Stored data
↓

Lemma step_dfwith c x ch (q : st S (actor x)) :
  chan_step (cchan c) x = Some ch -> trans (cstate c (actor x)) x q ->
  step c x (Config (dfwith (cstate c) q) ch).
Proof.
case: x q => a q /=.
  case: (cchan c _ _) => // - [<-] tr; split; first by rewrite dfwith_in.
  by split=> // j ne /=; rewrite dfwith_out // eq_sym.
case Ech: (cchan c (src a) (dst a)) => [|b r] //; case: eqP => // -> [<-] tr.
split; first by rewrite /on_chan !eqxx.
split; first by rewrite dfwith_in.
split; first by move=> j ne /=; rewrite dfwith_out // eq_sym.
by move=> i j /negbTE ->.
Qed.

Lemma local_runs_reach c t ch (q : forall i, st S i) :
  chan_run (cchan c) t = Some ch ->
  (forall i, local_run (cstate c i) (proj t i) (q i)) -> reach c t (Config q ch).
Proof.
elim: t c => [|x t IH] c /=.
  move=> [<-] runs; have -> : q = cstate c.
    by apply: functional_extensionality_dep => i; have := runs i; inversion 1.
  by case: c {runs}; constructor.
case E: (chan_step (cchan c) x) => [ch1|] // run runs.
have := runs (actor x); rewrite /= eqxx; inversion 1 as [|? ? q' ? ? tr rest]; subst.
apply: reach_cons (step_dfwith E tr) _; apply: IH => // i /=.
have [|j ne] := dfwithP (cstate c) q' i; first exact: rest.
by have := runs j; rewrite /= (negbTE ne).
Qed.

Definition runnable t := forall i, exists q, local_run (init S i) (proj t i) q.

Lemma runnable_catl t1 t2 : runnable (t1 ++ t2) -> runnable t1.
Proof. by move=> run i; have [q] := run i; rewrite proj_cat => /local_run_catl. Qed.

Lemma executable_runnable t : executable S t -> runnable t.
Proof. by case=> d rd i; exists (cstate d i); apply: reach_local_run rd i. Qed.

Lemma runnable_reach t ch :
  chan_run ch0 t = Some ch -> runnable t -> exists f, reach (c0 S) t (Config f ch).
Proof. by move=> run /functional_choice_dep [f runs]; exists f; apply: local_runs_reach. Qed.

Lemma syn_sends t : is_synchronous t -> t = syn (sends t).
Proof. by case=> s ->; rewrite sends_syn. Qed.

Lemma T_omega_syn s : executable S (syn s) -> T_omega S (syn s).
Proof. by move=> ex; exists 1; do 2!split=> //; apply: chan_run_1bounded (chan_run_syn0 s). Qed.

Lemma T0_syn s : runnable (syn s) -> T S 0 (syn s).
Proof.
move/(runnable_reach (chan_run_syn0 s))=> [f rf].
by split; [exists s | exists (Config f ch0)].
Qed.

Lemma equivS_syn u v :
  (forall i, exists q, local_run (init S i) (proj (syn u) i) q /\
                       local_run (init S i) (proj (syn v) i) q) ->
  equivS S (syn u) (syn v).
Proof.
case/functional_choice_dep=> f runs.
have reach_f s : (forall i, local_run (init S i) (proj (syn s) i) (f i)) ->
    reach (c0 S) (syn s) (Config f ch0).
  by move=> runs_s; apply: local_runs_reach => //; apply: chan_run_syn0.
have ru : reach (c0 S) (syn u) (Config f ch0) by apply: reach_f => i; case: (runs i).
have rv : reach (c0 S) (syn v) (Config f ch0) by apply: reach_f => i; case: (runs i).
split; first by apply: T_omega_syn; exists (Config f ch0).
split; first by apply: T_omega_syn; exists (Config f ch0).
by exists (Config f ch0).
Qed.

Definition local_sub i u v := forall q,
  local_run (init S i) (proj (syn u) i) q -> local_run (init S i) (proj (syn v) i) q.

Lemma local_sub_trans i u v w : local_sub i u v -> local_sub i v w -> local_sub i u w.
Proof. by move=> uv vw q /uv /vw. Qed.

Lemma proj_swap_block a b j : src a != src b ->
  proj [:: Send b; Send a; Recv a; Recv b] j =
  proj (syn (if (dst a == j) && (src b == j) then [:: b; a] else [:: a; b])) j.
Proof.
move=> ab; rewrite /proj.
have [eb|nb] := eqVneq (src b) j; last by rewrite andbF /= (negbTE nb).
have sa : (src a == j) = false by rewrite -eb (negbTE ab).
have db : (dst b == j) = false by rewrite -eb eq_sym (negbTE (src_neq_dst b)).
by rewrite andbT; case da: (dst a == j); rewrite /= eb eqxx sa db da.
Qed.

Section OneSynchronizable.
Hypothesis sync1 : one_synchronizable S.

Lemma runnable_sync t ch :
  chan_run ch0 t = Some ch -> runnable t -> runnable (syn (sends t)).
Proof.
move=> run /(runnable_reach run) [f rf].
have /sync1 [t' [[sync_t' ex_t'] <-]] : ST (S := S) 1 (inl (sends t)).
  by exists t; split=> //; split; [exact: chan_run_1bounded run | exists (Config f ch)].
by rewrite -(syn_sends sync_t'); apply: executable_runnable.
Qed.

Lemma local_run_sync_stable t (f : forall i, st S i) :
  chan_run ch0 t = Some ch0 -> (forall i, local_run (init S i) (proj t i) (f i)) ->
  forall i, local_run (init S i) (proj (syn (sends t)) i) (f i).
Proof.
move=> run runs; have rf : reach (c0 S) t (Config f ch0) by apply: local_runs_reach.
have /sync1 [t' [[sync_t' _] [<- [rd _]]]] : ST (S := S) 1 (inr (sends t, Config f ch0)).
  exists t; split; first by split; [exact: chan_run_1bounded run | exists (Config f ch0)].
  by do 2!split=> //.
by rewrite -(syn_sends sync_t'); apply: reach_local_run rd.
Qed.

↑

### [Problem statement]
Repeat all the lines above verbatim.

### [Answer section]
Lemma step_dfwith c x ch (q : st S (actor x)) :
  chan_step (cchan c) x = Some ch -> trans (cstate c (actor x)) x q ->
  step c x (Config (dfwith (cstate c) q) ch).
Proof.
case: x q => a q /=.
  case: (cchan c _ _) => // - [<-] tr; split; first by rewrite dfwith_in.
  by split=> // j ne /=; rewrite dfwith_out // eq_sym.
case Ech: (cchan c (src a) (dst a)) => [|b r] //; case: eqP => // -> [<-] tr.
split; first by rewrite /on_chan !eqxx.
split; first by rewrite dfwith_in.
split; first by move=> j ne /=; rewrite dfwith_out // eq_sym.
by move=> i j /negbTE ->.
Qed.

Lemma local_runs_reach c t ch (q : forall i, st S i) :
  chan_run (cchan c) t = Some ch ->
  (forall i, local_run (cstate c i) (proj t i) (q i)) -> reach c t (Config q ch).
Proof.
elim: t c => [|x t IH] c /=.
  move=> [<-] runs; have -> : q = cstate c.
    by apply: functional_extensionality_dep => i; have := runs i; inversion 1.
  by case: c {runs}; constructor.
case E: (chan_step (cchan c) x) => [ch1|] // run runs.
have := runs (actor x); rewrite /= eqxx; inversion 1 as [|? ? q' ? ? tr rest]; subst.
apply: reach_cons (step_dfwith E tr) _; apply: IH => // i /=.
have [|j ne] := dfwithP (cstate c) q' i; first exact: rest.
by have := runs j; rewrite /= (negbTE ne).
Qed.

Definition runnable t := forall i, exists q, local_run (init S i) (proj t i) q.

Lemma runnable_catl t1 t2 : runnable (t1 ++ t2) -> runnable t1.
Proof. by move=> run i; have [q] := run i; rewrite proj_cat => /local_run_catl. Qed.

Lemma executable_runnable t : executable S t -> runnable t.
Proof. by case=> d rd i; exists (cstate d i); apply: reach_local_run rd i. Qed.

Lemma runnable_reach t ch :
  chan_run ch0 t = Some ch -> runnable t -> exists f, reach (c0 S) t (Config f ch).
Proof. by move=> run /functional_choice_dep [f runs]; exists f; apply: local_runs_reach. Qed.

Lemma syn_sends t : is_synchronous t -> t = syn (sends t).
Proof. by case=> s ->; rewrite sends_syn. Qed.

Lemma T_omega_syn s : executable S (syn s) -> T_omega S (syn s).
Proof. by move=> ex; exists 1; do 2!split=> //; apply: chan_run_1bounded (chan_run_syn0 s). Qed.

Lemma T0_syn s : runnable (syn s) -> T S 0 (syn s).
Proof.
move/(runnable_reach (chan_run_syn0 s))=> [f rf].
by split; [exists s | exists (Config f ch0)].
Qed.

Lemma equivS_syn u v :
  (forall i, exists q, local_run (init S i) (proj (syn u) i) q /\
                       local_run (init S i) (proj (syn v) i) q) ->
  equivS S (syn u) (syn v).
Proof.
case/functional_choice_dep=> f runs.
have reach_f s : (forall i, local_run (init S i) (proj (syn s) i) (f i)) ->
    reach (c0 S) (syn s) (Config f ch0).
  by move=> runs_s; apply: local_runs_reach => //; apply: chan_run_syn0.
have ru : reach (c0 S) (syn u) (Config f ch0) by apply: reach_f => i; case: (runs i).
have rv : reach (c0 S) (syn v) (Config f ch0) by apply: reach_f => i; case: (runs i).
split; first by apply: T_omega_syn; exists (Config f ch0).
split; first by apply: T_omega_syn; exists (Config f ch0).
by exists (Config f ch0).
Qed.

Definition local_sub i u v := forall q,
  local_run (init S i) (proj (syn u) i) q -> local_run (init S i) (proj (syn v) i) q.

Lemma local_sub_trans i u v w : local_sub i u v -> local_sub i v w -> local_sub i u w.
Proof. by move=> uv vw q /uv /vw. Qed.

Lemma proj_swap_block a b j : src a != src b ->
  proj [:: Send b; Send a; Recv a; Recv b] j =
  proj (syn (if (dst a == j) && (src b == j) then [:: b; a] else [:: a; b])) j.
Proof.
move=> ab; rewrite /proj.
have [eb|nb] := eqVneq (src b) j; last by rewrite andbF /= (negbTE nb).
have sa : (src a == j) = false by rewrite -eb (negbTE ab).
have db : (dst b == j) = false by rewrite -eb eq_sym (negbTE (src_neq_dst b)).
by rewrite andbT; case da: (dst a == j); rewrite /= eb eqxx sa db da.
Qed.

Section OneSynchronizable.
Hypothesis sync1 : one_synchronizable S.

Lemma runnable_sync t ch :
  chan_run ch0 t = Some ch -> runnable t -> runnable (syn (sends t)).
Proof.
move=> run /(runnable_reach run) [f rf].
have /sync1 [t' [[sync_t' ex_t'] <-]] : ST (S := S) 1 (inl (sends t)).
  by exists t; split=> //; split; [exact: chan_run_1bounded run | exists (Config f ch)].
by rewrite -(syn_sends sync_t'); apply: executable_runnable.
Qed.

Lemma local_run_sync_stable t (f : forall i, st S i) :
  chan_run ch0 t = Some ch0 -> (forall i, local_run (init S i) (proj t i) (f i)) ->
  forall i, local_run (init S i) (proj (syn (sends t)) i) (f i).
Proof.
move=> run runs; have rf : reach (c0 S) t (Config f ch0) by apply: local_runs_reach.
have /sync1 [t' [[sync_t' _] [<- [rd _]]]] : ST (S := S) 1 (inr (sends t, Config f ch0)).
  exists t; split; first by split; [exact: chan_run_1bounded run | exists (Config f ch0)].
  by do 2!split=> //.
by rewrite -(syn_sends sync_t'); apply: reach_local_run rd.
Qed.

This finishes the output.